Curiously, there is another section of the Defence Act involving a call out of forces where ‘call out’ is defined differently. This is s.28, and it provides for the calling out of the reserves. The effect of this call out is to bring some or all of the reserves into continuous full-time service.
This can be done where there is a need associated with the defence of Australia and the States and Territories, or for ‘civil aid, humanitarian assistance, medical or civil emergency or disaster relief.’ This last provision is what was referred to in the order signed by the Governor-General early in January to call out up to 5,000 reservists.
Clearly, the reserves are being used for this purpose – ‘civil aid, humanitarian assistance, medical or civil emergency or disaster relief’. But that was merely the reason quoted by the Governor-General for them being called up. The legislation doesn’t actually provide any authority or legitimacy for the reserves to be used in this way. It may not be able to.
And that is the constitutional problem, the ‘very edge’ that the Prime Minister thought was being pushed.
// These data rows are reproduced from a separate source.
(* Let $f:\mathcal{X}\to\Delta^{k-1}$ be a classifier outputting confidence vectors, and let $x^{(1)},\dots,x^{(n)}\in\mathcal{X}$ be (unlabeled) samples. Let $f_\# P(c)=\frac1n\sum_{i=1}^n\delta_{f(x^{(i)})}$ be the empirical distribution of confidence vectors, and let $P_{\mathrm{pseudo}}(y)=\frac1n\sum_{i=1}^n\delta_{y^{(i)}}$, where $y^{(i)}\in\{0,1\}^k\cap\Delta^{k-1}$ is the one-hot pseudo-label with $y^{(i)}_j=\mathbb{1}[j=\arg\max_{j'} f_{j'}(x^{(i)})]$. Define the average-confidence error estimate $\hat\epsilon_{\mathrm{AC}}=\frac1n\sum_{i=1}^n\bigl(1-\max_j f_j(x^{(i)})\bigr)$. Then $$\hat\epsilon_{\mathrm{AC}}=W_\infty\bigl(f_\# P(c),\,P_{\mathrm{pseudo}}(y)\bigr).$$
   Context: $\Delta^{k-1}=\{c\in\mathbb{R}^k: c_j\ge 0,\ \sum_j c_j=1\}$ is the probability simplex. For probability distributions $P,Q$ on $\mathbb{R}^k$, $W_\infty(P,Q)=\inf_{\pi\in\Pi(P,Q)}\int\|u-v\|_\infty\,d\pi(u,v)$, where $\Pi(P,Q)$ is the set of couplings of $P$ and $Q$; i.e. $W_\infty$ denotes the Wasserstein (optimal transport) distance with ground cost $c(u,v)=\|u-v\|_\infty$ (not the usual $\infty$-Wasserstein distance). Ties in $\arg\max$ are broken by a fixed rule (e.g. smallest index). *)

From HB Require Import structures.
From mathcomp Require Import all_boot all_order all_algebra.
From mathcomp Require Import boolp classical_sets reals.
Set Implicit Arguments. Unset Strict Implicit. Unset Printing Implicit Defensive.
Import Order.TTheory GRing.Theory Num.Theory.
Local Open Scope ring_scope.
Local Open Scope classical_set_scope.

Section Defs.
Variables (R : realType) (k : nat).
Local Notation V := 'rV[R]_k.

Definition simplex (c : V) : Prop :=
  (forall j, 0 <= c 0 j) /\ \sum_j c 0 j = 1.

(* max_j c_j (default 0; exact for vectors with nonnegative entries) *)
Definition maxc (c : V) : R := \big[Num.max/0]_(j < k) c 0 j.

Definition linf (u v : V) : R := \big[Num.max/0]_(j < k) `|u 0 j - v 0 j|.

Definition first_argmax (c : V) (j : 'I_k) : bool :=
  [forall i, c 0 i <= c 0 j] && [forall i : 'I_k, (val i < val j)%N ==> (c 0 i < c 0 j)].

Definition onehot (c : V) : V := \row_j (if first_argmax c j then 1 else 0).

(* discrete (finitely supported) distributions on R^k as mass functions *)
Definition empirical (n : nat) (pts : 'I_n -> V) : V -> R :=
  fun v => (#|[set i | pts i == v]|)%:R / n%:R.

(* pi is a (finitely supported) coupling of p and q, with support listed in S *)
Definition is_coupling (p q : V -> R) (pi : V -> V -> R) (S : seq (V * V)) : Prop :=
  [/\ uniq S,
      (forall u v, pi u v != 0 -> (u, v) \in S),
      (forall u v, 0 <= pi u v),
      (forall u, \sum_(s <- S | s.1 == u) pi s.1 s.2 = p u) &
      (forall v, \sum_(s <- S | s.2 == v) pi s.1 s.2 = q v)].

Definition coupling_cost (pi : V -> V -> R) (S : seq (V * V)) : R :=
  \sum_(s <- S) pi s.1 s.2 * linf s.1 s.2.

(* optimal transport distance with ground cost ||u - v||_infty *)
Definition W_inf (p q : V -> R) : R :=
  inf [set c | exists pi S, is_coupling p q pi S /\ c = coupling_cost pi S].

Definition eps_AC (X : Type) (f : X -> V) (n : nat) (x : 'I_n -> X) : R :=
  (\sum_(i < n) (1 - maxc (f (x i)))) / n%:R.

End Defs.

From HB Require Import structures.
From mathcomp Require Import all_boot all_order all_algebra.
From mathcomp Require Import boolp classical_sets reals.
From mathcomp Require Import lra.
Set Implicit Arguments. Unset Strict Implicit. Unset Printing Implicit Defensive.
Import Order.TTheory GRing.Theory Num.Theory.
Local Open Scope ring_scope.

(* Every atom of the pseudo-label distribution is a one-hot vector e_j, and
   ||c - e_j||_oo >= 1 - c_j >= 1 - max c; hence every coupling costs at least
   the mean of 1 - max c over the confidence vectors, which is eps_AC.
   Conversely, for c in the simplex the coordinates other than the first
   argmax j sum to 1 - c_j, so ||c - onehot c||_oo = 1 - max c, and the
   deterministic coupling c |-> onehot c attains the bound. *)

Lemma big_fibers (M : nmodType) (I T : eqType) (r : seq I) (U : seq T)
    (h : I -> T) (G : I -> M) :
  uniq U -> (forall i, i \in r -> h i \in U) ->
  \sum_(u <- U) \sum_(i <- r | h i == u) G i = \sum_(i <- r) G i.
Proof.
move=> uU hU; rewrite (exchange_big_dep xpredT) //= big_seq [RHS]big_seq.
apply: eq_bigr => i ri; under eq_bigl do rewrite eq_sym.
by rewrite -big_filter filter_pred1_uniq ?hU // big_seq1.
Qed.

Lemma inf_eq_lbound_mem (R : realType) (E : set R) (x : R) :
  E x -> lbound E x -> inf E = x.
Proof.
move=> Ex lbx; apply/le_anti; rewrite lb_le_inf //; last by exists x.
by rewrite andbT ge_inf //; exists x.
Qed.

Section Transport.
Variables (R : realType) (k : nat).
Local Notation V := 'rV[R]_k.

Lemma first_argmax_exists (c : V) : (0 < k)%N -> exists j, first_argmax c j.
Proof.
move=> k_gt0; pose i0 : 'I_k := Ordinal k_gt0.
pose is_max i := [forall t, c 0 t <= c 0 i].
have [m _ m_max] := @arg_maxP _ R _ i0 xpredT (fun i => c 0 i) isT.
have m_is_max : is_max m by apply/forallP => t; exact: m_max.
have [j j_max j_first] := arg_minnP (@nat_of_ord k) m_is_max.
exists j; apply/andP; split=> //.
apply/forallP => i; apply/implyP => lt_ij; rewrite ltNge; apply/negP => le_ji.
have i_max : is_max i.
  by apply/forallP => t; apply: le_trans le_ji; exact: (forallP j_max).
by move: (j_first i i_max); rewrite leqNgt lt_ij.
Qed.

Lemma first_argmax_uniq (c : V) j j' :
  first_argmax c j -> first_argmax c j' -> j = j'.
Proof.
move=> /andP[/forallP j_max /forallP j_first] /andP[/forallP j'_max /forallP j'_first].
case: (ltngtP (val j) (val j')) => [lt_jj'|lt_j'j|/val_inj //].
  by move: (implyP (j'_first j) lt_jj'); rewrite ltNge j_max.
by move: (implyP (j_first j') lt_j'j); rewrite ltNge j'_max.
Qed.

Lemma onehotE (c : V) j i :
  first_argmax c j -> onehot c 0 i = if i == j then 1 else 0.
Proof.
move=> j_arg; rewrite mxE; case: eqVneq => [-> | ne_ij]; first by rewrite j_arg.
by case: ifP => // i_arg; rewrite (first_argmax_uniq i_arg j_arg) eqxx in ne_ij.
Qed.

Lemma maxc_first_argmax (c : V) j :
  0 <= c 0 j -> first_argmax c j -> maxc c = c 0 j.
Proof.
move=> cj_ge0 /andP[/forallP j_max _]; apply/le_anti.
by rewrite bigmax_le //= (le_bigmax _ (fun i => c 0 i)).
Qed.

Lemma one_sub_maxc_le_linf (u v : V) j : v 0 j = 1 -> 1 - maxc u <= linf u v.
Proof.
move=> vj1; apply: le_trans (le_bigmax _ (fun i => `|u 0 i - v 0 i|) j).
rewrite vj1 distrC; apply: le_trans (ler_norm _).
by rewrite lerB // (le_bigmax _ (fun i => u 0 i)).
Qed.

Lemma simplex_dim_gt0 (c : V) : simplex c -> (0 < k)%N.
Proof.
by case: k c => [|//] c [_]; rewrite big_ord0 => /eqP; rewrite eq_sym oner_eq0.
Qed.

Lemma onehot_first_argmax (c : V) :
  simplex c -> exists2 j, first_argmax c j & onehot c 0 j = 1.
Proof.
move=> /simplex_dim_gt0 /(first_argmax_exists c) [j j_arg].
by exists j; rewrite // (onehotE j j_arg) eqxx.
Qed.

Lemma linf_onehot (c : V) : simplex c -> linf c (onehot c) = 1 - maxc c.
Proof.
move=> c_simplex; have [j j_arg onehot_j] := onehot_first_argmax c_simplex.
case: c_simplex => c_ge0 c_sum1.
have c_sumD1 : c 0 j + \sum_(i | i != j) c 0 i = 1 by rewrite -c_sum1 [RHS](bigD1 j).
have rest_ge0 : 0 <= \sum_(i | i != j) c 0 i by rewrite sumr_ge0.
apply/le_anti; rewrite (one_sub_maxc_le_linf _ onehot_j) andbT.
rewrite (maxc_first_argmax (c_ge0 j) j_arg) bigmax_le ?subr_ge0 //; first lra.
move=> i _; rewrite (onehotE i j_arg); have [-> | ne_ij] := eqVneq i j.
  by rewrite distrC ger0_norm //; lra.
rewrite subr0 ger0_norm //.
have : c 0 i <= \sum_(l | l != j) c 0 l by rewrite (bigD1 i) //= lerDl sumr_ge0.
lra.
Qed.

Section Empirical.
Variables (n : nat) (pts : 'I_n -> V).

Lemma empiricalE u : empirical pts u = (\sum_i (pts i == u)%:R) / n%:R.
Proof.
rewrite /empirical -sum1_card natr_sum big_mkcond /=.
congr (_ / _); apply: eq_bigr => i _.
by rewrite [i \in _]asboolb; case: (pts i == u).
Qed.

Lemma empirical_ge0 u : 0 <= empirical pts u.
Proof. by rewrite divr_ge0. Qed.

Lemma empirical_neq0 u : empirical pts u != 0 -> exists i, pts i = u.
Proof.
rewrite empiricalE; case: (pickP (fun i => pts i == u)) => [i /eqP <-|none].
  by exists i.
by rewrite big1 ?mul0r ?eqxx // => i _; rewrite none.
Qed.

Lemma sum_empirical (U : seq V) (g : V -> R) :
  uniq U -> (forall i, pts i \in U) ->
  \sum_(u <- U) empirical pts u * g u = (\sum_i g (pts i)) / n%:R.
Proof.
move=> uU ptsU.
transitivity (\sum_(u <- U) (\sum_(i | pts i == u) g (pts i)) / n%:R).
  apply: eq_bigr => u _; rewrite empiricalE mulrAC mulr_suml; congr (_ / _).
  rewrite [RHS]big_mkcond /=; apply: eq_bigr => i _.
  by case: eqP => [->|_]; rewrite ?mul1r ?mul0r.
by rewrite -mulr_suml big_fibers.
Qed.

End Empirical.

Section Coupling.
Variables (p q : V -> R) (pi : V -> V -> R) (S : seq (V * V)).
Hypothesis pi_coupling : is_coupling p q pi S.

Lemma coupling_le_snd u v : pi u v <= q v.
Proof.
case: pi_coupling => uS S_supp pi_ge0 _ <-.
have [-> | /S_supp uvS] := eqVneq (pi u v) 0; first by rewrite sumr_ge0.
rewrite big_mkcond (bigD1_seq (u, v)) //= eqxx lerDl sumr_ge0 // => s _.
by case: ifP.
Qed.

Lemma sum_coupling_fst (U : seq V) (g : V -> R) :
  uniq U -> (forall s, s \in S -> s.1 \in U) ->
  \sum_(s <- S) pi s.1 s.2 * g s.1 = \sum_(u <- U) p u * g u.
Proof.
case: pi_coupling => _ _ _ p_marg _ uU SU.
rewrite -(big_fibers (fun s => pi s.1 s.2 * g s.1) uU SU).
apply: eq_bigr => u _; rewrite -p_marg mulr_suml.
by apply: eq_bigr => s /eqP ->.
Qed.

Lemma coupling_cost_ge (g : V -> R) :
  (forall u v, 0 < q v -> g u <= linf u v) ->
  \sum_(s <- S) pi s.1 s.2 * g s.1 <= coupling_cost pi S.
Proof.
case: pi_coupling => _ _ pi_ge0 _ _ g_le; apply: ler_sum => s _.
have [-> | pi_neq0] := eqVneq (pi s.1 s.2) 0; first by rewrite !mul0r.
rewrite ler_wpM2l // g_le // (lt_le_trans _ (coupling_le_snd s.1 s.2)) //.
by rewrite lt0r pi_neq0 pi_ge0.
Qed.

End Coupling.

Lemma sum_coupling_empirical n (pts : 'I_n -> V) q pi S (g : V -> R) :
  is_coupling (empirical pts) q pi S ->
  \sum_(s <- S) pi s.1 s.2 * g s.1 = (\sum_i g (pts i)) / n%:R.
Proof.
move=> pi_coupling.
have uU := undup_uniq ([seq s.1 | s <- S] ++ codom pts).
rewrite (sum_coupling_fst pi_coupling _ uU) => [|s sS].
  by rewrite sum_empirical // => i; rewrite mem_undup mem_cat codom_f orbT.
by rewrite mem_undup mem_cat map_f.
Qed.

Section GraphCoupling.
Variables (n : nat) (pts : 'I_n -> V) (T : V -> V).

Definition graph_plan (u v : V) : R := (v == T u)%:R * empirical pts u.

Definition graph_support : seq (V * V) := [seq (u, T u) | u <- undup (codom pts)].

Lemma sum_graph_plan (G : V * V -> R) :
  \sum_(s <- graph_support) G s * graph_plan s.1 s.2
  = (\sum_i G (pts i, T (pts i))) / n%:R.
Proof.
rewrite big_map -(sum_empirical (fun u => G (u, T u)) (undup_uniq (codom pts))).
  by apply: eq_bigr => u _; rewrite /graph_plan eqxx mul1r mulrC.
by move=> i; rewrite mem_undup codom_f.
Qed.

Lemma graph_coupling :
  is_coupling (empirical pts) (empirical (fun i => T (pts i))) graph_plan graph_support.
Proof.
have marginal (P : pred (V * V)) :
    \sum_(s <- graph_support | P s) graph_plan s.1 s.2
    = (\sum_i (P (pts i, T (pts i)))%:R) / n%:R.
  rewrite -(sum_graph_plan (fun s => (P s)%:R)) big_mkcond; apply: eq_bigr => s _.
  by case: (P s); rewrite ?mul1r ?mul0r.
split.
- by rewrite map_inj_uniq ?undup_uniq // => u u' [].
- move=> u v; rewrite /graph_plan; have [-> | ] := eqVneq v (T u); last first.
    by rewrite mul0r eqxx.
  rewrite mul1r => /empirical_neq0 [i <-].
  by rewrite map_f // mem_undup codom_f.
- by move=> u v; rewrite mulr_ge0 ?empirical_ge0.
- by move=> u; rewrite marginal empiricalE.
- by move=> v; rewrite marginal empiricalE.
Qed.

Lemma graph_cost :
  coupling_cost graph_plan graph_support
  = (\sum_i linf (pts i) (T (pts i))) / n%:R.
Proof.
rewrite /coupling_cost -(sum_graph_plan (fun s => linf s.1 s.2)).
by apply: eq_bigr => s _; rewrite mulrC.
Qed.

End GraphCoupling.

End Transport.

Theorem mainTheorem1 (R : realType) (k n : nat) (X : Type)
  (f : X -> 'rV[R]_k) (x : 'I_n -> X)
  (hf : forall z, simplex (f z)) (hn : (0 < n)%N) :
  eps_AC f x =
  W_inf (empirical (fun i => f (x i))) (empirical (fun i => onehot (f (x i)))).
Proof.
set pts := fun i => f (x i).
have pts_simplex i : simplex (pts i) := hf (x i).
rewrite /W_inf; symmetry; apply: inf_eq_lbound_mem.
  exists (graph_plan pts (@onehot R k)), (graph_support pts (@onehot R k)).
  split; first exact: graph_coupling.
  rewrite graph_cost /eps_AC; congr (_ / _); apply: eq_bigr => i _.
  by rewrite (linf_onehot (pts_simplex i)).
move=> _ [pi [S [pi_coupling ->]]].
rewrite /eps_AC -(sum_coupling_empirical (fun u => 1 - maxc u) pi_coupling).
apply: (coupling_cost_ge (g := fun u => 1 - maxc u) pi_coupling) => u v /lt0r_neq0 q_neq0.
have [i <-] := empirical_neq0 q_neq0.
have [j _ onehot_j] := onehot_first_argmax (pts_simplex i).
exact: one_sub_maxc_le_linf onehot_j.
Qed.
Now, as he also said, the Commonwealth was acting under a ‘very agreeable environment’. None of the States is going to complain about the help the reserves and permanent defence forces provide – so long as everything is done with the considered concurrence of the States. And this appears to be the case. No-one seems to want special legislation (permitted by the Constitution) where one or more States could give conditional legislative approval for the Defence Force to be used within their jurisdictions in circumstances other than in relation to ‘domestic violence’.
It appears, however, that the Prime Minister wants the Defence Force to be able to act of its own initiative. As I noted at the beginning, there are times when it is necessary to look very carefully at what Mr Morrison is saying. Here he said, ‘this is the first time where I think the Federal Government has ever been in a position where we had to take this action. To ensure that in the future it can be done in a way that I think is in a more pre-emptive posture, that we can do that I think more seamlessly’.
‘Pre-emptive’? ‘Seamlessly’? Does he actually mean unilaterally? The States would have a fit if the Federal Government could decide of its own initiative to send in the army, the navy or the air force. They would similarly resist any attempt by the Commonwealth to take over natural disaster management in their own backyards.
And when should defence assets be deployed, according to the Prime Minister? ‘Where the Chief of the Defence Force believes there is a risk to life and safety…’ That’s certainly not in the Constitution.
And on that point, whatever happened to responsible government where such decisions are ultimately taken by Ministers (and ticked by the Governor-General) on the advice of the relevant generals or police or fire commissioners?
You’ve got to worry about some of the things our Prime Minister says.
David Solomon is a retired political and legal journalist.